TASK.
Check every line of the entries below for "fits", and copy the lines that have it.

[Stored data entries]
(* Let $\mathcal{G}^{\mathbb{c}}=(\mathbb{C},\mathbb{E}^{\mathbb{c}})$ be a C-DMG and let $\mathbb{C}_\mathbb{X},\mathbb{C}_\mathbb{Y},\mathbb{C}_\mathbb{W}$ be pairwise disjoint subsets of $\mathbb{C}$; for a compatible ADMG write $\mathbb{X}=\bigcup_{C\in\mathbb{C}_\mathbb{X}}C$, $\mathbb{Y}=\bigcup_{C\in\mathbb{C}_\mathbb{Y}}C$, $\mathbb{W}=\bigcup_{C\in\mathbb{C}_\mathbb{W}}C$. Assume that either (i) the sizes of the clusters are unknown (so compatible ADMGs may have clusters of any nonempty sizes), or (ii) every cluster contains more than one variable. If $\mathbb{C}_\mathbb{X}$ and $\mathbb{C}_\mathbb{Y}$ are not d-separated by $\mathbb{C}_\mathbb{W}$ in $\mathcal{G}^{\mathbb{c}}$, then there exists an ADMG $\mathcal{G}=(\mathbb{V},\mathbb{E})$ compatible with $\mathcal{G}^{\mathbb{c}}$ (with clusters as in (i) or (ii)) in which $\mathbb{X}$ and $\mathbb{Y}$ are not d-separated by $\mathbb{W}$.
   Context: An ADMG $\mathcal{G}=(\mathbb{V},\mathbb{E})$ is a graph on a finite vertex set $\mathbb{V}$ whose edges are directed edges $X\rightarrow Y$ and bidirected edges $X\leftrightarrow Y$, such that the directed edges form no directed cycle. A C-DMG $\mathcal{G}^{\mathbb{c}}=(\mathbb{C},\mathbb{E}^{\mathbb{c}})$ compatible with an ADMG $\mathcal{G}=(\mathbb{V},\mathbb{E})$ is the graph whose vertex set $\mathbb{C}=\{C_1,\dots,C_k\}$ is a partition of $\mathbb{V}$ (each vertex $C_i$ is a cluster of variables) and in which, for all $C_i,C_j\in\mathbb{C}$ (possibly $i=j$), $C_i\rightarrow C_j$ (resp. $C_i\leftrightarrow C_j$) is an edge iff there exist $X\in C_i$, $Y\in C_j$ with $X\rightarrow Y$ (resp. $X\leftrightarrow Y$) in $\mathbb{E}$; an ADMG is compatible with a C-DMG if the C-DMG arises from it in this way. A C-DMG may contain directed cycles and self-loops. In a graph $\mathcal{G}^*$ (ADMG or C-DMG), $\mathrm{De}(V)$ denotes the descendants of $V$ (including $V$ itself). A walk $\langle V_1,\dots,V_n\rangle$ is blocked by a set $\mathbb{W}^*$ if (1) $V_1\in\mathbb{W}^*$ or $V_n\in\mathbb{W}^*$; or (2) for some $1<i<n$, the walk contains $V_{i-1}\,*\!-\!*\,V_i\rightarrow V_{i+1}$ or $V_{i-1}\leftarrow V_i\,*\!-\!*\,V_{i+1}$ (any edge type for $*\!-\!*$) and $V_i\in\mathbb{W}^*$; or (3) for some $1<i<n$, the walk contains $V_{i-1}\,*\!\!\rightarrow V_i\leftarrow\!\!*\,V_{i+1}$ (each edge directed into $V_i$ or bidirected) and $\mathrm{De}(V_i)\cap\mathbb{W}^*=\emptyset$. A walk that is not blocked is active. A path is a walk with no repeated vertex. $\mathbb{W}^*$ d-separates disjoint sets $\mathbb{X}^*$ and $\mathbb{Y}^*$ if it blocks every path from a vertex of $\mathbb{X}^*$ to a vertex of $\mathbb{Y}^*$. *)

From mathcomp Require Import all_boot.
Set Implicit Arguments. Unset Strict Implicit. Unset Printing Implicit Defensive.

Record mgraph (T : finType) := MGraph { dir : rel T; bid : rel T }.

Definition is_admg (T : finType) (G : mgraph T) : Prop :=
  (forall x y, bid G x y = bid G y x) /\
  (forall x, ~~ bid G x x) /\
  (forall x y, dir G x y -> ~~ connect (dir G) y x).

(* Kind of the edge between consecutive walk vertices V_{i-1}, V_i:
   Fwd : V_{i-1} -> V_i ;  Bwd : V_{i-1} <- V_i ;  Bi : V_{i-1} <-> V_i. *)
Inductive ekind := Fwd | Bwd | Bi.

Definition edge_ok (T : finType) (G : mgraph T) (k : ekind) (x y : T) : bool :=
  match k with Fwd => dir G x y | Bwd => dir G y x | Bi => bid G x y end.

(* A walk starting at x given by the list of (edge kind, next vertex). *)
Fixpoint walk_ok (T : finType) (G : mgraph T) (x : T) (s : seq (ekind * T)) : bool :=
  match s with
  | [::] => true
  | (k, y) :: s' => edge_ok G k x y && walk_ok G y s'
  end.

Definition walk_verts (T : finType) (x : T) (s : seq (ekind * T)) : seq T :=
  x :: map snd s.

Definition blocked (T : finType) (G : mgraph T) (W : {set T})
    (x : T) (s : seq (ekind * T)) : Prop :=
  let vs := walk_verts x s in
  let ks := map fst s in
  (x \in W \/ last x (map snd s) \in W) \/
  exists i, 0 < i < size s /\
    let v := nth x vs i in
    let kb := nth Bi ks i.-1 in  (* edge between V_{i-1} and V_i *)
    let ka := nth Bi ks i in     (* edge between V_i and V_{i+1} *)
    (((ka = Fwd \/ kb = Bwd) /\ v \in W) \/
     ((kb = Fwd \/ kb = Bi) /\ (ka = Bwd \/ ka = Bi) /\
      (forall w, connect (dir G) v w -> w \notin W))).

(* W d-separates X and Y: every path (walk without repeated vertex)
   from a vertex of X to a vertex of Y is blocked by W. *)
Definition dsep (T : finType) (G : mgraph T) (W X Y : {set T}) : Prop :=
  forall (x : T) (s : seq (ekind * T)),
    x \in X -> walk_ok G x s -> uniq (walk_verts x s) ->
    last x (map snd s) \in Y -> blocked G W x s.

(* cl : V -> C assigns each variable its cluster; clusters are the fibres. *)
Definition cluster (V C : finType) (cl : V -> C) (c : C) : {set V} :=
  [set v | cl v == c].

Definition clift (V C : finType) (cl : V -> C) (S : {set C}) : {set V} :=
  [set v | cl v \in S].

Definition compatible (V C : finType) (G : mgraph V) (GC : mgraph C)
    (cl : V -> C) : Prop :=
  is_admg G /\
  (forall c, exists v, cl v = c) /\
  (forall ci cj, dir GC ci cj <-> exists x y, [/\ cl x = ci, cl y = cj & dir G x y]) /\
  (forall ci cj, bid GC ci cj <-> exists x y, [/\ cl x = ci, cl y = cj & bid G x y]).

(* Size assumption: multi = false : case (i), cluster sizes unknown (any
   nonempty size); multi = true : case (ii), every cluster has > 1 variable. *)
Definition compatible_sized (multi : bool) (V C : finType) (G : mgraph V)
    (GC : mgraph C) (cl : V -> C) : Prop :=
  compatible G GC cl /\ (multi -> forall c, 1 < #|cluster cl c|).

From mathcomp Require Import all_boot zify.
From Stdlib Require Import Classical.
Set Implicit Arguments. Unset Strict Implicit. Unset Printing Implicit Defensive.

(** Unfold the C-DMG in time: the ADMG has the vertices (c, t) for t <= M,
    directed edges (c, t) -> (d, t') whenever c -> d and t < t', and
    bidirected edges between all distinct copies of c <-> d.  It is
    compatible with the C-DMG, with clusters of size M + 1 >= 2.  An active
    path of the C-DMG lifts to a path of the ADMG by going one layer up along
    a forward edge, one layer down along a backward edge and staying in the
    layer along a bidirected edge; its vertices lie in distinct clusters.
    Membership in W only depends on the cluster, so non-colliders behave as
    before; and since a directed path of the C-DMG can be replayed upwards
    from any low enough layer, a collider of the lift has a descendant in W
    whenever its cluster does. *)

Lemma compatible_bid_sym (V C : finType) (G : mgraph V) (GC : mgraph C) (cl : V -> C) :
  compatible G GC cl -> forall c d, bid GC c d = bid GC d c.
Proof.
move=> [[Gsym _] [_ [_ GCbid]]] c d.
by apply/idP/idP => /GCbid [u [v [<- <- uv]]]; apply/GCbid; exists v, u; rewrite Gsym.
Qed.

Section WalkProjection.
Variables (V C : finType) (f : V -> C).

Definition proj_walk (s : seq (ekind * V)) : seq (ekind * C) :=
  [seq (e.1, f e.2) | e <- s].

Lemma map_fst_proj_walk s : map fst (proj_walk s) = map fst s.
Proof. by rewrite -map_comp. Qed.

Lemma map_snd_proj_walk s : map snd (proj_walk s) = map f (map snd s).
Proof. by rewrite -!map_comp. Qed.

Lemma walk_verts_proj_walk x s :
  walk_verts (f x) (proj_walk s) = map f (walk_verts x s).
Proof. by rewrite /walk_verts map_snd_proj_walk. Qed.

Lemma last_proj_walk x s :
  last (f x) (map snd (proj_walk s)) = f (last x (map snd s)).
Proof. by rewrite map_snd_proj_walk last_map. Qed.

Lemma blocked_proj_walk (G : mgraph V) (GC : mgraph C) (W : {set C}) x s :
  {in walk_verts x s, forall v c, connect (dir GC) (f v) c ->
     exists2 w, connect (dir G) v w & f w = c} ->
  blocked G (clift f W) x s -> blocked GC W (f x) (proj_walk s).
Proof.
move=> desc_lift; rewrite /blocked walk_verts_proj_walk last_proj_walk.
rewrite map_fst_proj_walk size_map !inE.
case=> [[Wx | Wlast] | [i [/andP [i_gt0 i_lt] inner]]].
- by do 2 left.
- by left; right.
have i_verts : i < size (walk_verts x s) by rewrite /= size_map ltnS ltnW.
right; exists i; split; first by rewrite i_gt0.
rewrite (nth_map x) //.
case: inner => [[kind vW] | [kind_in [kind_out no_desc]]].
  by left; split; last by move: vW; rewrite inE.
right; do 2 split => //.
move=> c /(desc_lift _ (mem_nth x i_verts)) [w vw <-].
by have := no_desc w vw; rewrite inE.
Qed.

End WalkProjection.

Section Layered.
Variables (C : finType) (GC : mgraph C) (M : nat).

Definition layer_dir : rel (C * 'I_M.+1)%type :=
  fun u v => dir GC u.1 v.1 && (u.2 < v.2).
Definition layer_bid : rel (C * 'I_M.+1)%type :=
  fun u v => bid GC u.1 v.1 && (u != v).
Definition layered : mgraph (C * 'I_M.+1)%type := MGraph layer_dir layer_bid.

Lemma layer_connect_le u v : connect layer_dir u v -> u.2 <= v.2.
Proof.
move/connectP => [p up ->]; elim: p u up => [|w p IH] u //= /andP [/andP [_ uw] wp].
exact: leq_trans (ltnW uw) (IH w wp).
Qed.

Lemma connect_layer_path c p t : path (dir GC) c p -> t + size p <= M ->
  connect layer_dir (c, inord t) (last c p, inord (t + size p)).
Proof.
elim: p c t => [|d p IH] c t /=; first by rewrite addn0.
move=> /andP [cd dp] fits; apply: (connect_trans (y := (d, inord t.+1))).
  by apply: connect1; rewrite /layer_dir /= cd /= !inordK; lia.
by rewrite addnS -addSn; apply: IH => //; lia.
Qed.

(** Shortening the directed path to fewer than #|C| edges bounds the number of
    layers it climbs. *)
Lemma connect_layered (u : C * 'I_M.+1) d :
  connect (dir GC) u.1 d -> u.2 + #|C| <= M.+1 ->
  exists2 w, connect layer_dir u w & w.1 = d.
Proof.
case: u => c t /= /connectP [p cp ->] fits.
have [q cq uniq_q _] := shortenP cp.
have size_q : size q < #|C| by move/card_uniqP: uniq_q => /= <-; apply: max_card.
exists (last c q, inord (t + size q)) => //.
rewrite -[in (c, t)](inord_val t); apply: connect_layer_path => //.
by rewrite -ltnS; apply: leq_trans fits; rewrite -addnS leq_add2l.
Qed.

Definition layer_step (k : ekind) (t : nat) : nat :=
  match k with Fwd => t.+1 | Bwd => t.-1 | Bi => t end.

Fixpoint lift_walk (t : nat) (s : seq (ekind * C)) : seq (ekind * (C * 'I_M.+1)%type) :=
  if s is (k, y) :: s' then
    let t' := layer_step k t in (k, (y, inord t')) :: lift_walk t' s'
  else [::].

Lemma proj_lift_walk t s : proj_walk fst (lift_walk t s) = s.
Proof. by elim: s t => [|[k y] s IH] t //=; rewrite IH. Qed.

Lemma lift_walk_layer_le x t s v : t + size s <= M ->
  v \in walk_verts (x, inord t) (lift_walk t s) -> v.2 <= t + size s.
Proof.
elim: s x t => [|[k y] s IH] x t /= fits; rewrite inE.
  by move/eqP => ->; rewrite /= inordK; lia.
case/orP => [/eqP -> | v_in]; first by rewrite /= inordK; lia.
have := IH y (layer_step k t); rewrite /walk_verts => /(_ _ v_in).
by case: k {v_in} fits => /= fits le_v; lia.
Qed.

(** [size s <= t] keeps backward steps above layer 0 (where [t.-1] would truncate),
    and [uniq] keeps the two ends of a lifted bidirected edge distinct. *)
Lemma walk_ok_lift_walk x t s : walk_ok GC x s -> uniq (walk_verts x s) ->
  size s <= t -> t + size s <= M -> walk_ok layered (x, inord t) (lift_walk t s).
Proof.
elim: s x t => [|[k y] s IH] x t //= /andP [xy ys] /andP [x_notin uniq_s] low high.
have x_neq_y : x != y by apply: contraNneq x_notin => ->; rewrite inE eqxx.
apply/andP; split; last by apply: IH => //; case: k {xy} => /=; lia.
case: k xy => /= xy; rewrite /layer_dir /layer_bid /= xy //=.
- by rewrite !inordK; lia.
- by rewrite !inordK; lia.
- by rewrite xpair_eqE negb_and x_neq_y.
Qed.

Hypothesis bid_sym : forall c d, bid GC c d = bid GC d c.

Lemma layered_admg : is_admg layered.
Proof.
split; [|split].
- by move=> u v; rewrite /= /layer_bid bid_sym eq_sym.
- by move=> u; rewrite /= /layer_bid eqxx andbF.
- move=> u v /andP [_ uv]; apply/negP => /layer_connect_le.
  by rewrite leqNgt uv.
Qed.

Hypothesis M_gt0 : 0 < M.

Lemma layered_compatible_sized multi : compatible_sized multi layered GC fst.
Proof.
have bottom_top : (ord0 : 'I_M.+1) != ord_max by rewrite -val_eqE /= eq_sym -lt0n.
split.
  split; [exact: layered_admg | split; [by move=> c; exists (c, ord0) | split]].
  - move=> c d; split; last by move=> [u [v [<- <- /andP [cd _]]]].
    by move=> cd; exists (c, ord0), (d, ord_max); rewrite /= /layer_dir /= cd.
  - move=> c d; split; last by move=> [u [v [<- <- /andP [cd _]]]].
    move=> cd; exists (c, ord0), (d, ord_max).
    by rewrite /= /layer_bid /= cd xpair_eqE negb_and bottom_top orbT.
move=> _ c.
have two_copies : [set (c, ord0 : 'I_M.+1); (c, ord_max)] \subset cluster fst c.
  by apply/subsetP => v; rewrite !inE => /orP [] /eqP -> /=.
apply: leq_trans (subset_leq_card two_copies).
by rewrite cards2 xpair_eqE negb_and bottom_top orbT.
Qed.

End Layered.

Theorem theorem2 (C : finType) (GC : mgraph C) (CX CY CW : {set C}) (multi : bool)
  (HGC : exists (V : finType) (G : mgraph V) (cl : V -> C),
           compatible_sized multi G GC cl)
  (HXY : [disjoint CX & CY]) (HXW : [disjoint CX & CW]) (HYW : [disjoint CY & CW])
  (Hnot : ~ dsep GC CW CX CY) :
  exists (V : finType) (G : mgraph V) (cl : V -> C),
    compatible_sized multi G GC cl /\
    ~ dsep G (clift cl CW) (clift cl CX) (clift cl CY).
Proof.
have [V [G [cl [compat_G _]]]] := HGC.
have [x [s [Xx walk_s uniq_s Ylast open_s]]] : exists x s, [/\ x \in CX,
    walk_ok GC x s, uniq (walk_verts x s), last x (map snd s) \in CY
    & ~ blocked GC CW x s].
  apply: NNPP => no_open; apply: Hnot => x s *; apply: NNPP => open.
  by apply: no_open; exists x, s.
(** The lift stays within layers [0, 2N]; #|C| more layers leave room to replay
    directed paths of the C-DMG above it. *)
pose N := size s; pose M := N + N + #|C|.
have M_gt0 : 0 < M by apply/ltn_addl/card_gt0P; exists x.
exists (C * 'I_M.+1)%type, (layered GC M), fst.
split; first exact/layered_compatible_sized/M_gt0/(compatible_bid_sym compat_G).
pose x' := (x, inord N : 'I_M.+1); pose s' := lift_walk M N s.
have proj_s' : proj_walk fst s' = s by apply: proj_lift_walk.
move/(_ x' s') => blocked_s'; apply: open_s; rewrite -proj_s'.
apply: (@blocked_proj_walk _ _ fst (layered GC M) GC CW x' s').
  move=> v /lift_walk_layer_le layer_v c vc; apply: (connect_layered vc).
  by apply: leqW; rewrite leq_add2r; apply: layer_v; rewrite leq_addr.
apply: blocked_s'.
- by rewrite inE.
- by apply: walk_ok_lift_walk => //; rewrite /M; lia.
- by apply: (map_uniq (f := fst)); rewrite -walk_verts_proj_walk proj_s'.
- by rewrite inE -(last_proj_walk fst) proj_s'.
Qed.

EXPECTED ANSWER.
move=> /andP [cd dp] fits; apply: (connect_trans (y := (d, inord t.+1))).
case: u => c t /= /connectP [p cp ->] fits.
by rewrite -ltnS; apply: leq_trans fits; rewrite -addnS leq_add2l.
elim: s x t => [|[k y] s IH] x t /= fits; rewrite inE.
by case: k {v_in} fits => /= fits le_v; lia.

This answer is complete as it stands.